St Paul answers our question in Rm. 8, 28-30: “and we know that in all things God works for the good of those who love him, who have been called according to his purpose. For those God foreknew he also predestined to be conformed to the likeness of his Son, that he might be the firstborn among many brothers. And those he predestined, he also called; those he called, he also justified; those he justified, he also glorified.”
So, each one of us has been in God’s plan for all eternity. We were assigned a mission before our birth. Do we fail to understand the meaning of the words we read in Sacred Scripture? “The word of the Lord came to me, saying: before I formed you in the womb I knew you, before you were born I set you apart; I appointed you as a prophet to the nations.” (Jer1,4-5)
This is about a prophet, a priest, and anyone who has a special mission among the faithful. But what about everyone else? Have we all been predestined, called since before our birth? Certainly. Do you remember Psalm 139? “You created my inmost being, you knit me together in my mother’s womb… All the days ordained for me were written in your book before one of them came to be.”
We are called to exist and then we can fulfill our vocation, our mission wherever we may be called to live. But aren’t we forgetting a very important point? By interfering in the development of a human creature we are working against God’s plan. At the same time, we are maybe delaying God’s plan of salvation.
We have been created to cooperate with God and keep all things going the way He wants them to go. But if we are going against his will, against his plan, then we are doomed. Will we get humble enough to acknowledge our sinfulness and come to the conversion of heart that would put us back on track?

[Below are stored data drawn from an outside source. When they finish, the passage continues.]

(* Every orbit has exactly one first element, so this counts the orbits
   with the fixed points counted twice. *)
Lemma double_count_first :
  (count first_in_orbit L).*2 = size L + count (fun x => sw x == x) L.
Proof.
set fixed := fun x => sw x == x.
have fixed_first : count (predI first_in_orbit fixed) L = count fixed L.
  apply: eq_count => x /=; rewrite /fixed /first_in_orbit.
  by have [->|] := eqVneq (sw x) x; rewrite ?leqnn ?andbF.
have := count_predI_split first_in_orbit fixed L.
have := count_predI_split (predC fixed) first_in_orbit L.
have := count_predC fixed L; have := count_moved_first.
have commute : count (predI (predC fixed) first_in_orbit) L =
               count (predI first_in_orbit (predC fixed)) L.
  by apply: eq_count => x; apply: andbC.
rewrite -/fixed fixed_first commute; lia.
Qed.
End InvolutionOrbits.

Lemma sum_weights (T : Type) (f d : pred T) (s : seq T) :
  \sum_(x <- s | f x) (if d x then 2 else 1) = count f s + count (predI f d) s.
Proof.
elim: s => [|x s IHs]; first by rewrite big_nil.
by rewrite big_cons IHs /=; case: (f x); case: (d x) => /=; lia.
Qed.

Definition swap_pair (T : Type) (p : T * T) : T * T := (p.2, p.1).

Lemma swap_pairK (T : Type) : involutive (@swap_pair T).
Proof. by case. Qed.

Lemma mem_swap_ordered_pairs n p :
  (swap_pair p \in ordered_pairs n) = (p \in ordered_pairs n).
Proof. by case: p => x y; rewrite !mem_ordered_pairs andbCA addnC. Qed.

Definition is_diagonal (p : seq nat * seq nat) : bool := p.1 == p.2.

Lemma calP_double n : let L := ordered_pairs n in
  (calP n).*2 = size L + 3 * count is_diagonal L.
Proof.
move=> L; rewrite /calP; set first := first_in_orbit (@swap_pair _) L.
have -> : unordered_pairs n = filter first L by [].
rewrite big_filter (sum_weights first is_diagonal).
have first_diag : count (predI first is_diagonal) L = count is_diagonal L.
  apply: eq_count => -[x y]; rewrite /= /first /first_in_orbit /is_diagonal.
  by have [->|] := eqVneq x y; rewrite ?leqnn ?andbF.
have fixedE : count (fun p => swap_pair p == p) L = count is_diagonal L.
  by apply: eq_count => -[x y]; rewrite /is_diagonal xpair_eqE eq_sym andbb.
have := double_count_first (@swap_pairK _) (ordered_pairs_uniq n)
  (@mem_swap_ordered_pairs n).
rewrite -/L -/first fixedE first_diag -!muln2 mulnDl => ->.
by rewrite -addnA (mulnC _ 2) -mulSn.
Qed.

(* A diagonal pair (xi, xi) is determined by a partition xi of n/2. *)
Lemma count_diagonal_pairs n :
  count is_diagonal (ordered_pairs n) <= size (partitions n./2).
Proof.
rewrite -size_filter -(size_map fst); apply: uniq_leq_size.
  rewrite map_inj_in_uniq; first exact/filter_uniq/ordered_pairs_uniq.
  move=> [a b] [c d]; rewrite !mem_filter /is_diagonal /=.
  by move=> /andP [/eqP <- _] /andP [/eqP <- _] ->.
move=> x /mapP [[a b]]; rewrite mem_filter /is_diagonal /=.
move=> /andP [/eqP <- ab_in] ->.
move: ab_in; rewrite mem_ordered_pairs mem_partitions => /and3P [-> _ /eqP <-].
by rewrite addnn doubleK eqxx.
Qed.

Definition incr_head (s : seq nat) : seq nat :=
  if s is x :: t then x.+1 :: t else s.

(* comp3 k lists the compositions of k into parts >= 3: either the first
   part exceeds 3 (and is decremented) or it equals 3 (and is dropped). *)
Fixpoint comp3 (k : nat) : seq (seq nat) :=
  match k with
  | 0 => [:: [::]]
  | 1 | 2 => [::]
  | (k'.+2 as k2).+1 => map incr_head (comp3 k2) ++ map (cons 3) (comp3 k')
  end.

(* ones_comp3 k lists the sequences 1^i ++ c with c in comp3 (k - i). *)
Fixpoint ones_comp3 (k : nat) : seq (seq nat) :=
  if k is k'.+1 then map (cons 1) (ones_comp3 k') ++ comp3 k else comp3 0.

(* codes k lists the sequences 2^j ++ 1^i ++ c with 2j + i + |c| = k. *)
Fixpoint codes (k : nat) : seq (seq nat) :=
  match k with
  | k'.+2 => map (cons 2) (codes k') ++ ones_comp3 k'.+2
  | _ => ones_comp3 k
  end.

Lemma comp3S k :
  comp3 k.+3 = map incr_head (comp3 k.+2) ++ map (cons 3) (comp3 k).
Proof. by []. Qed.

Lemma ones_comp3S k :
  ones_comp3 k.+1 = map (cons 1) (ones_comp3 k) ++ comp3 k.+1.
Proof. by []. Qed.

Lemma codesS k : codes k.+2 = map (cons 2) (codes k) ++ ones_comp3 k.+2.
Proof. by []. Qed.

Lemma mem_comp3 c : all (fun x => 2 < x) c -> c \in comp3 (sumn c).
Proof.
move: {-1}(sumn c) (erefl (sumn c)) => k; elim/ltn_ind: k c => k IHk [|x c] /=.
  by move=> <-.
move=> sum_xc /andP [x_gt2 c_gt2].
have [x_gt3 | x_eq3] : 3 < x \/ x = 3 by lia.
- have -> : k = (k - 3).+3 by lia.
  rewrite comp3S mem_cat; apply/orP; left.
  have -> : x :: c = incr_head (x.-1 :: c) by case: x x_gt2 {sum_xc x_gt3}.
  apply: map_f; apply: IHk => /=; [lia | lia | rewrite c_gt2 andbT; lia].
- have -> : k = (sumn c).+3 by lia.
  rewrite comp3S mem_cat; apply/orP; right; rewrite x_eq3.
  by apply: map_f; apply: IHk => //; lia.
Qed.

Lemma mem_ones_comp3 i c :
  all (fun x => 2 < x) c -> nseq i 1 ++ c \in ones_comp3 (i + sumn c).
Proof.
move=> /mem_comp3 c_in; elim: i => [|i IHi].
  by case: (sumn c) c_in => // k c_in; rewrite ones_comp3S mem_cat c_in orbT.
by rewrite addSn ones_comp3S mem_cat [nseq _ _ ++ _]/= map_f.
Qed.

Lemma mem_codes j w k :
  w \in ones_comp3 k -> nseq j 2 ++ w \in codes (j.*2 + k).
Proof.
move=> w_in; elim: j => [|j IHj].
  by case: k w_in => [|[|k]] // w_in; rewrite codesS mem_cat w_in orbT.
by rewrite doubleS !addSn codesS mem_cat [nseq _ _ ++ _]/= map_f.
Qed.

Definition encode (s : seq nat) : seq nat :=
  nseq (count_mem 2 s) 2 ++ nseq (count_mem 1 s) 1 ++ filter (fun x => 2 < x) s.

Lemma sumn_encode s : all (fun x => 0 < x) s -> sumn s =
  (count_mem 2 s).*2 + (count_mem 1 s + sumn (filter (fun x => 2 < x) s)).
Proof.
elim: s => //= x s IHs /andP [x_gt0 /IHs ->].
by case: x x_gt0 => [|[|[|x]]] //= _; lia.
Qed.

Lemma encode_in_codes s : is_partition s -> encode s \in codes (psize s).
Proof.
move=> /andP [_ s_pos]; rewrite /psize (sumn_encode s_pos).
by apply/mem_codes/mem_ones_comp3; apply: filter_all.
Qed.

Lemma count_encode v s : 0 < v -> count_mem v (encode s) = count_mem v s.
Proof.
move=> v_gt0; rewrite !count_cat !count_nseq count_filter.
have -> : count (predI (pred1 v) (fun x => 2 < x)) s = (2 < v) * count_mem v s.
  elim: s => [|x s IHs] /=; first by rewrite muln0.
  by rewrite IHs; have [->|] := eqVneq x v; case: (2 < v) => /=; lia.
by case: v v_gt0 => [|[|[|v]]] //= _; lia.
Qed.

Lemma count_mem0_pos s : all (fun x => 0 < x) s -> count_mem 0 s = 0.
Proof. by elim: s => //= -[|x] s IHs /andP [] // _ /IHs ->. Qed.

Lemma encode_inj : {in is_partition &, injective encode}.
Proof.
move=> s1 s2 /andP [s1_sorted s1_pos] /andP [s2_sorted s2_pos] eq_enc.
apply: (sorted_eq (leT := geq)) => //.
- by move=> x y z /= yx zy; apply: leq_trans zy yx.
- by move=> x y /= /andP [xy yx]; apply/anti_leq; rewrite xy yx.
apply/allP => -[|v] _ /=; apply/eqP; first by rewrite !count_mem0_pos.
by rewrite -(count_encode s1) // eq_enc count_encode.
Qed.

Lemma size_partitions_le k : size (partitions k) <= size (codes k).
Proof.
rewrite -(size_map encode); apply: uniq_leq_size.
  rewrite map_inj_in_uniq ?partitions_uniq // => s1 s2.
  rewrite !mem_partitions => /andP [s1_part _] /andP [s2_part _].
  exact: encode_inj.
move=> w /mapP [s]; rewrite mem_partitions => /andP [s_part /eqP <-] ->.
exact: encode_in_codes.
Qed.

Lemma size_comp3S k :
  size (comp3 k.+3) = size (comp3 k.+2) + size (comp3 k).
Proof. by rewrite comp3S size_cat !size_map. Qed.

Lemma size_ones_comp3S k :
  size (ones_comp3 k.+1) = size (ones_comp3 k) + size (comp3 k.+1).
Proof. by rewrite ones_comp3S size_cat size_map. Qed.

Lemma size_codesS k :
  size (codes k.+2) = size (codes k) + size (ones_comp3 k.+2).
Proof. by rewrite codesS size_cat size_map. Qed.

Lemma comp3_bound k : 2 ^ k * size (comp3 k) <= 3 ^ k.
Proof.
elim/ltn_ind: k => -[|[|[|k]]] IHk //.
have := IHk k.+2 (leqnn _); have := IHk k ltac:(lia).
by rewrite size_comp3S !expnS; lia.
Qed.

Lemma ones_comp3_bound k : 2 ^ k * size (ones_comp3 k) <= 3 ^ k.+1.
Proof.
elim: k => [|k IHk] //; have := comp3_bound k.+1.
by rewrite size_ones_comp3S !expnS in IHk *; lia.
Qed.

Lemma codes_bound k : 5 * 2 ^ k * size (codes k) <= 3 ^ k.+3.
Proof.
elim/ltn_ind: k => -[|[|k]] IHk //.
have := IHk k ltac:(lia); have := ones_comp3_bound k.+2.
by rewrite size_codesS !expnS; lia.
Qed.

Definition pair_bound (n : nat) : nat :=
  sumn [seq size (codes k) * size (codes (n - k)) | k <- iota 0 n.+1]
  + 3 * size (codes n./2).

Lemma calP_le_pair_bound n : (calP n).*2 <= pair_bound n.
Proof.
rewrite calP_double size_ordered_pairs; apply: leq_add.
  rewrite !sumnE !big_map; apply: leq_sum => k _.
  by apply: leq_mul; apply: size_partitions_le.
by rewrite leq_mul2l (leq_trans (count_diagonal_pairs n)) ?size_partitions_le.
Qed.

Lemma sumn_map_le_const (T : eqType) (f : T -> nat) (m c : nat) (s : seq T) :
  (forall x, x \in s -> m * f x <= c) -> m * sumn (map f s) <= size s * c.
Proof.
elim: s => [|x s IHs] f_le /=; first by rewrite muln0.
rewrite mulnDr mulSn leq_add ?f_le ?mem_head // IHs // => y y_in.
by rewrite f_le // in_cons y_in orbT.
Qed.

Lemma pair_term_bound n k : k <= n ->
  25 * 2 ^ n * (size (codes k) * size (codes (n - k))) <= 3 ^ (n + 6).
Proof.
move=> le_kn; have := leq_mul (codes_bound k) (codes_bound (n - k)).
have -> : 3 ^ (n + 6) = 3 ^ k.+3 * 3 ^ (n - k).+3.
  by rewrite -expnD; congr (_ ^ _); lia.
have -> : 2 ^ n = 2 ^ k * 2 ^ (n - k) by rewrite -expnD subnKC.
lia.
Qed.

Lemma leq_exp_base m1 m2 e : m1 <= m2 -> m1 ^ e <= m2 ^ e.
Proof. by move=> le_m12; elim: e => // e IHe; rewrite !expnS leq_mul. Qed.

Lemma diagonal_term_bound n :
  25 * 2 ^ n * (3 * size (codes n./2)) <= 3 ^ (n + 6).
Proof.
set m := n./2; have le_mn : m <= n by rewrite /m; lia.
have := leq_mul (codes_bound m) (leq_exp_base (n - m) (isT : 2 <= 3)).
have -> : 3 ^ (n + 6) = 27 * (3 ^ m.+3 * 3 ^ (n - m)).
  by rewrite -expnD -[27]/(3 ^ 3) -expnD; congr (_ ^ _); lia.
have -> : 2 ^ n = 2 ^ m * 2 ^ (n - m) by rewrite -expnD subnKC.
lia.
Qed.

(* The bound is O(n (3/2)^n), with n + 1 product terms and one diagonal term. *)
Lemma pair_bound_growth n : 25 * 2 ^ n * pair_bound n <= (n + 2) * 3 ^ (n + 6).
Proof.
have -> : n + 2 = size (iota 0 n.+1) + 1 by rewrite size_iota; lia.
rewrite /pair_bound mulnDr mulnDl mul1n leq_add ?diagonal_term_bound //.
apply: sumn_map_le_const => k; rewrite mem_iota => /andP [_ lt_kn].
exact: pair_term_bound.
Qed.

Lemma calD_step n : 4 <= n -> calD n.+2 = 3 * calD n.
Proof.
move=> n_ge4; have odd_n2 : odd n.+2 = odd n by rewrite /= negbK.
rewrite /calD odd_n2; case: ifP => n_odd.
  have -> : (n.+2 - 5) %/ 2 = ((n - 5) %/ 2).+1 by lia.
  by rewrite (expnS 3) mulnCA.
have -> : (n.+2 - 4) %/ 2 = ((n - 4) %/ 2).+1 by lia.
by rewrite (expnS 3) mulnCA.
Qed.
Definition psi_y {X : Type} {Y : finType} (x0 : X) (p : X -> Y -> R) (x : X) : R :=
  Num.sqrt (Var_y (fun y => ln (p x y) - ln (p x0 y))).

Definition t1 {d} {X : measurableType d} {Y : finType} (P : probability X R)
  (YLLV : {set Y}) (y0 : Y) (p p' : X -> Y -> R) : R :=
  \big[Num.max/0]_(y in YLLV :\ y0)
    Num.max
      (Num.sqrt (Var_x P (fun x => ln (p x y) / psi_x P y0 p y
                               - ln (p' x y) / psi_x P y0 p' y)))
      (Num.sqrt (Var_x P (fun x => ln (p x y0) / psi_x P y0 p y
                               - ln (p' x y0) / psi_x P y0 p' y))).

Definition t2 {X : eqType} {Y : finType} (XLLV : seq X) (x0 : X)
  (p p' : X -> Y -> R) : R :=
  \big[Num.max/0]_(x <- XLLV | x != x0)
    Num.max
      (Num.sqrt (Var_y (fun y => ln (p x y) / psi_y x0 p x
                               - ln (p' x y) / psi_y x0 p' x)))
      (Num.sqrt (Var_y (fun y => ln (p x0 y) / psi_y x0 p x
                               - ln (p' x0 y) / psi_y x0 p' x))).

Definition t3 {d} {X : measurableType d} {Y : finType} (P : probability X R)
  (YLLV : {set Y}) (y0 : Y) (p p' : X -> Y -> R) : R :=
  \big[Num.max/0]_(y in YLLV :\ y0) `|psi_x P y0 p y - psi_x P y0 p' y|.

Definition t4 {X : eqType} {Y : finType} (XLLV : seq X) (x0 : X)
  (p p' : X -> Y -> R) : R :=
  \big[Num.max/0]_(x <- XLLV | x != x0) `|psi_y x0 p x - psi_y x0 p' x|.

Definition d_LLV {d} {X : measurableType d} {Y : finType} (P : probability X R)
  (XLLV : seq X) (YLLV : {set Y}) (x0 : X) (y0 : Y) (lam : R)
  (p p' : X -> Y -> R) : R :=
  Num.max (Num.max (t1 P YLLV y0 p p') (t2 XLLV x0 p p'))
          (Num.max (lam * t3 P YLLV y0 p p') (lam * t4 XLLV x0 p p')).

Definition covE {T : Type} (E : (T -> R) -> R) (a b : T -> R) : R :=
  E (fun t => (a t - E a) * (b t - E b)).
Definition stdE {T : Type} (E : (T -> R) -> R) (a : T -> R) : R := Num.sqrt (covE E a a).
Definition stdzE {T : Type} {M : nat} (E : (T -> R) -> R) (z : T -> 'rV[R]_M) (i : 'I_M)
  : T -> R := fun t => (z t ord0 i - E (fun s => z s ord0 i)) / stdE E (fun s => z s ord0 i).
Definition crosscov {T : Type} {M : nat} (E : (T -> R) -> R) (z w : T -> 'rV[R]_M)
  : 'M[R]_M := \matrix_(i, j) covE E (stdzE E z i) (stdzE E w j).

Definition is_svd {M : nat} (A U : 'M[R]_M) (s : 'rV[R]_M) (V : 'M[R]_M) : Prop :=
  U^T *m U = 1%:M /\ V^T *m V = 1%:M /\ (forall i, 0 <= s ord0 i) /\
  A = U *m diag_mx s *m V^T.
Lemma adjmx_tens p q r s (A : 'M[C]_(p, q)) (B : 'M[C]_(r, s)) :
  adjmx (A *t B) = adjmx A *t adjmx B.
Proof. by rewrite /adjmx trmx_tens map_mxT. Qed.

Lemma unitarymx_adjK n (P : 'M[C]_n) : P \is unitarymx -> adjmx P *m P = 1%:M.
Proof. by move=> PU; have := mulmxKtV 1%:M PU erefl; rewrite mul1mx. Qed.

Lemma unitarymx_Kadj n (P : 'M[C]_n) : P \is unitarymx -> P *m adjmx P = 1%:M.
Proof. by move/unitarymxP. Qed.

Lemma adjmx_unitary n (P : 'M[C]_n) : P \is unitarymx -> adjmx P \is unitarymx.
Proof. by rewrite -trmxC_unitary. Qed.

Lemma mxtrace_unitary_conj n (P X : 'M[C]_n) :
  P \is unitarymx -> \tr (adjmx P *m X *m P) = \tr X.
Proof. by move=> PU; rewrite mxtrace_mulC mulmxA unitarymx_Kadj // mul1mx. Qed.

Lemma unitary_conjM n (P X Y : 'M[C]_n) : P \is unitarymx ->
  (adjmx P *m X *m P) *m (adjmx P *m Y *m P) = adjmx P *m (X *m Y) *m P.
Proof. by move=> PU; rewrite !mulmxA -(mulmxA _ P) unitarymx_Kadj // mulmx1. Qed.

Lemma tensmx_unitary n m (P : 'M[C]_n) (Q : 'M[C]_m) :
  P \is unitarymx -> Q \is unitarymx -> P *t Q \is unitarymx.
Proof.
move=> /unitarymxP PU /unitarymxP QU; apply/unitarymxP.
by rewrite -/(adjmx _) adjmx_tens tensmx_mul PU QU tensmx11.
Qed.

Lemma unitary_conj_tens n m (P : 'M[C]_n) (Q : 'M[C]_m) X Y :
  adjmx (P *t Q) *m (X *t Y) *m (P *t Q) = (adjmx P *m X *m P) *t (adjmx Q *m Y *m Q).
Proof. by rewrite adjmx_tens !tensmx_mul. Qed.

Lemma mxtrace_ptrB n m (A : 'M[C]_n) (X : 'M[C]_(n * m)) :
  \tr (X *m (A *t 1%:M)) = \tr (A *m ptrB X).
Proof.
rewrite mxtrace_mulC /mxtrace big_mxtens_index; apply: eq_bigr => i _.
have row_i j : ((A *t 1%:M) *m X) (mxtens_index (i, j)) (mxtens_index (i, j))
    = \sum_i' A i i' * X (mxtens_index (i', j)) (mxtens_index (i, j)).
  rewrite mxE big_mxtens_index; apply: eq_bigr => i' _.
  rewrite (bigD1 j) //= tensmxE mxE eqxx mulr1 big1 ?addr0 // => j' /negbTE j'j.
  by rewrite tensmxE mxE eq_sym j'j mulr0 mul0r.
under eq_bigr => j _ do rewrite row_i.
rewrite mxE; under [RHS]eq_bigr => i' _ do rewrite mxE mulr_sumr.
by rewrite [RHS]exchange_big.
Qed.

Definition diagR n (a : 'I_n -> R) : 'M[C]_n := diag_mx (\row_i (a i)%:C).

Definition conj_diag n (P : 'M[C]_n) (a : 'I_n -> R) : 'M[C]_n :=
  adjmx P *m diagR a *m P.

(* [funm] uses the decomposition picked by [spectralmx]; by [map_diag_conj] any
   other unitary diagonalization gives the same matrix. *)
Lemma funm_conj_diag (f : R -> R) n (P : 'M[C]_n) (a : 'I_n -> R) :
  P \is unitarymx -> funm f (conj_diag P a) = conj_diag P (fun i => f (a i)).
Proof.
move=> PU; rewrite /conj_diag /diagR.
have <- : invmx P = adjmx P by exact: invmx_unitary.
set A := _ *m _ *m P.
have /orthomx_spectralP spA : A \is normalmx.
  by apply/orthomx_spectral_subproof; exists (P, \row_i (a i)%:C).
rewrite /funm (map_diag_conj _ (spectral_unit A) (unitarymx_unit PU) (esym spA)).
by congr (_ *m diag_mx _ *m _); apply/rowP => i; rewrite !mxE.
Qed.

Lemma hermsymmx_conj_diag n (H : 'M[C]_n) : H \is hermsymmx ->
  exists P a, P \is unitarymx /\ H = conj_diag P a.
Proof.
move=> Hh; have /orthomx_spectralP spH := hermitian_normalmx Hh.
have PU := spectral_unitarymx H.
exists (spectralmx H), (fun i => complex.Re (spectral_diag H 0 i)).
split; first exact: PU.
rewrite /conj_diag /diagR {1}spH.
have <- : invmx (spectralmx H) = adjmx (spectralmx H) by exact: invmx_unitary.
congr (_ *m diag_mx _ *m _); apply/rowP => i.
have /mxOverP/(_ 0 i) real_i := hermitian_spectral_diag_real Hh.
by rewrite mxE RRe_real.
Qed.

Lemma conj_diagZ c n (P : 'M[C]_n) (a : 'I_n -> R) :
  c%:C *: conj_diag P a = conj_diag P (fun i => c * a i).
Proof.
rewrite /conj_diag scalemxAl scalemxAr; congr (_ *m _ *m _).
by apply/matrixP => i j; rewrite !mxE mulrnAr rmorphM.
Qed.

Lemma mxtrace_conj_diag n (P : 'M[C]_n) (a : 'I_n -> R) :
  P \is unitarymx -> \tr (conj_diag P a) = (\sum_i a i)%:C.
Proof.
move=> PU; rewrite mxtrace_unitary_conj // mxtrace_diag rmorph_sum.
by apply: eq_bigr => i _; rewrite mxE.
Qed.

Lemma conj_diagM n (P : 'M[C]_n) (a b : 'I_n -> R) : P \is unitarymx ->
  conj_diag P a *m conj_diag P b = conj_diag P (fun i => a i * b i).
Proof.
move=> PU; rewrite unitary_conjM // /diagR mulmx_diag.
by congr (_ *m diag_mx _ *m _); apply/rowP => i; rewrite !mxE rmorphM.
Qed.

Lemma conj_diag_affine n (P : 'M[C]_n) (a : 'I_n -> R) c d : P \is unitarymx ->
  conj_diag P (fun i => c * a i + d) = c%:C *: conj_diag P a + d%:C *: 1%:M.
Proof.
move=> PU; rewrite /conj_diag.
have -> : diagR (fun i => c * a i + d) = c%:C *: diagR a + d%:C *: 1%:M.
  apply/matrixP => i j; rewrite !mxE.
  by case: eqP => _; rewrite /= ?mulr1n ?mulr0n ?mulr0 ?mulr1 ?addr0 ?rmorphD ?rmorphM.
by rewrite mulmxDr mulmxDl -!scalemxAr -!scalemxAl mulmx1 unitarymx_adjK.
Qed.

Lemma unitary_conj_diag n (W P : 'M[C]_n) (a : 'I_n -> R) :
  adjmx W *m conj_diag P a *m W = conj_diag (P *m W) a.
Proof. by rewrite /conj_diag adjmx_mul !mulmxA. Qed.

We need a lot of prayers to get to that point. We’re having a crusade of rosaries to try to appease God’s wrath. We need to join our Blessed Mother in interceding for all those who are blinded by the father of lies and prefer to go his ways instead of choosing the ways of our Lord. Let us keep on praying with confidence, with love for all God’s daughters and sons, created in his image and likeness, knowing that
anytime, some who were lost may come back and join forces with us to fight the greatest sin of our times, when those who are called to protect the innocent are giving up more and more. By the intercession of St. John the Baptist, the greatest of the Saints and of all the little angels around God’s throne, may we soon know deep change in our troubled world.